*** Provided data Section Begins ***
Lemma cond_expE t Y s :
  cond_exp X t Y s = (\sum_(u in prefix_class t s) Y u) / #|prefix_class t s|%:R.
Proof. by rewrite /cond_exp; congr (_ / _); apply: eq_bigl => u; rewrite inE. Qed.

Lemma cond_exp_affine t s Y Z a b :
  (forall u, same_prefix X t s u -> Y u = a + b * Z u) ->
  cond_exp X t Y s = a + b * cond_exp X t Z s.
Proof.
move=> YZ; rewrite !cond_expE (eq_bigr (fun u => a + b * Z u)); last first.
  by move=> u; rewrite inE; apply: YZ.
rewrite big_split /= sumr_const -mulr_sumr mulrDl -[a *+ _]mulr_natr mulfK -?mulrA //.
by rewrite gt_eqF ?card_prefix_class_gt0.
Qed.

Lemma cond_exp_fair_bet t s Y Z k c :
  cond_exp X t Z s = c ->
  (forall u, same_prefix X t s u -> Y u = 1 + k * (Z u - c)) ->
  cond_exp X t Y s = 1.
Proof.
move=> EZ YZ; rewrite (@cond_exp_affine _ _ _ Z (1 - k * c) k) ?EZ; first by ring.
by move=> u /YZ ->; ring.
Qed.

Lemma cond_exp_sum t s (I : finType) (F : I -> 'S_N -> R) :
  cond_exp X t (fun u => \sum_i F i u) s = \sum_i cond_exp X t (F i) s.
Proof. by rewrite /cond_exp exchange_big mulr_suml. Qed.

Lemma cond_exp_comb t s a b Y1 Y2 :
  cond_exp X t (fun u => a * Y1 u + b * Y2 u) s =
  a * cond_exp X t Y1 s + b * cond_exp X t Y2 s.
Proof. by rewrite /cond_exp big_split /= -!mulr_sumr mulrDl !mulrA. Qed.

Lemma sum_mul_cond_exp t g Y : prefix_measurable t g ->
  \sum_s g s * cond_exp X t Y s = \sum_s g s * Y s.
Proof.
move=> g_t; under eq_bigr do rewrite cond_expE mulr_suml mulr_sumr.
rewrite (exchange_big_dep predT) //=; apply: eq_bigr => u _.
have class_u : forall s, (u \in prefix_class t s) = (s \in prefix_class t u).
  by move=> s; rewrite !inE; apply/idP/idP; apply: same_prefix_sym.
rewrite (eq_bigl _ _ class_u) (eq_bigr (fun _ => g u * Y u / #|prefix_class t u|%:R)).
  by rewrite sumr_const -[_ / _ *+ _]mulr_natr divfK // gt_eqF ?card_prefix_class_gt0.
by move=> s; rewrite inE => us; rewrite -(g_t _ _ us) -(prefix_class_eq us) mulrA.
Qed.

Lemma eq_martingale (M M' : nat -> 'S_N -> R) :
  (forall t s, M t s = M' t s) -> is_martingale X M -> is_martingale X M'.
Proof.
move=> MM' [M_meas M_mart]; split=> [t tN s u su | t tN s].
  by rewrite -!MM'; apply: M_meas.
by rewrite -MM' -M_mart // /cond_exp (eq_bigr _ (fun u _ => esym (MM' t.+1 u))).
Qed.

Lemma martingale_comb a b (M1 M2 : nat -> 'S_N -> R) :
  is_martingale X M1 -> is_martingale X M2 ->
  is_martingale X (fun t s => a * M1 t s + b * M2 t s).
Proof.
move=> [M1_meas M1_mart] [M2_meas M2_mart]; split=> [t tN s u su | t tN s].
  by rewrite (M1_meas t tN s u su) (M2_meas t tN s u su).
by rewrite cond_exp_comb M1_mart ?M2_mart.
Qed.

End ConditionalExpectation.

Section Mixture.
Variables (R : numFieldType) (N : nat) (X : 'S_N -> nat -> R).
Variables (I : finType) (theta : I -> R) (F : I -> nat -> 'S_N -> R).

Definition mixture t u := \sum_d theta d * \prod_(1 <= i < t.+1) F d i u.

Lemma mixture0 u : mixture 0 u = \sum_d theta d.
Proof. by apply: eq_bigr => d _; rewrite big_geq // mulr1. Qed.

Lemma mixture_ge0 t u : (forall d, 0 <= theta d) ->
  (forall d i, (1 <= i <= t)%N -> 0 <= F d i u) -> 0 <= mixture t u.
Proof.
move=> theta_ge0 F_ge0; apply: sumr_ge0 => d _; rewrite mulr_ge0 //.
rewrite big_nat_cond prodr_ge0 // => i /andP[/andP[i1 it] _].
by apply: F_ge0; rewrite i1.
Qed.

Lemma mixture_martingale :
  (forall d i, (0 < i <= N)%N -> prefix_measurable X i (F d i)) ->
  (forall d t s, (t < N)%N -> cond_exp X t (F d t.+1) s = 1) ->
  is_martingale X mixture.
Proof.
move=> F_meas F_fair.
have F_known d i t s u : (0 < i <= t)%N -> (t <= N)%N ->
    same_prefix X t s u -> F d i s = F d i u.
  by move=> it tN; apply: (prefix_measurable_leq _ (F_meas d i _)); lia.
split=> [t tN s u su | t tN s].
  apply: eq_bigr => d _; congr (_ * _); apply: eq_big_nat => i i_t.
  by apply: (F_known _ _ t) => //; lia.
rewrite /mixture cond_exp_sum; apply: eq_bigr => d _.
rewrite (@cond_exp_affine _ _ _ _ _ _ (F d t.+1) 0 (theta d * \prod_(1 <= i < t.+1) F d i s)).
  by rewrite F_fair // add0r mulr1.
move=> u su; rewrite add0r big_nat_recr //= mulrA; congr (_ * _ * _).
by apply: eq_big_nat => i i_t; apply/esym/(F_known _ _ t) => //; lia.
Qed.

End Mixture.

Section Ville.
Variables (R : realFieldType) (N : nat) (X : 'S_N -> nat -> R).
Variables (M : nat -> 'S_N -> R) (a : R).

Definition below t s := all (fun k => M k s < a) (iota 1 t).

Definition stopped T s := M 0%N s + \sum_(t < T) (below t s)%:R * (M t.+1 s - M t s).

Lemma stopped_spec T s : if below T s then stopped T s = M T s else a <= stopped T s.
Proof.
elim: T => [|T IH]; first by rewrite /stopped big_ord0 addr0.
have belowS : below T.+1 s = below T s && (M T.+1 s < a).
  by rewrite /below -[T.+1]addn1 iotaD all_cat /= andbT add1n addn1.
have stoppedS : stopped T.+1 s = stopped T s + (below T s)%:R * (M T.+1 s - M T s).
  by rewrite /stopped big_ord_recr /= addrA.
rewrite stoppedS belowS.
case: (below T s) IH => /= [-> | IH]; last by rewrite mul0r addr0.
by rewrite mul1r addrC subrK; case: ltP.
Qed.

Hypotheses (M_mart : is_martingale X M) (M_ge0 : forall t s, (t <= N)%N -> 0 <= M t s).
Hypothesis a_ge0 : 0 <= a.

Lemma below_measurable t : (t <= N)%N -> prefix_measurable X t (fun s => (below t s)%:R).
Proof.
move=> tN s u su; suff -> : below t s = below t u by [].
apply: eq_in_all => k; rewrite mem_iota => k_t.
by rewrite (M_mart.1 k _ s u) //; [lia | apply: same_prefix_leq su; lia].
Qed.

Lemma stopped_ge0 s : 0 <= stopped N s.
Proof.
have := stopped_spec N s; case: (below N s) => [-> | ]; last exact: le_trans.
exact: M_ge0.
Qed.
*** Provided data Section Ends ***
Some of the data mentions "last". Copy every line where it does.

- Solution for this task:
move=> YZ; rewrite !cond_expE (eq_bigr (fun u => a + b * Z u)); last first.
case: (below T s) IH => /= [-> | IH]; last by rewrite mul0r addr0.
have := stopped_spec N s; case: (below N s) => [-> | ]; last exact: le_trans.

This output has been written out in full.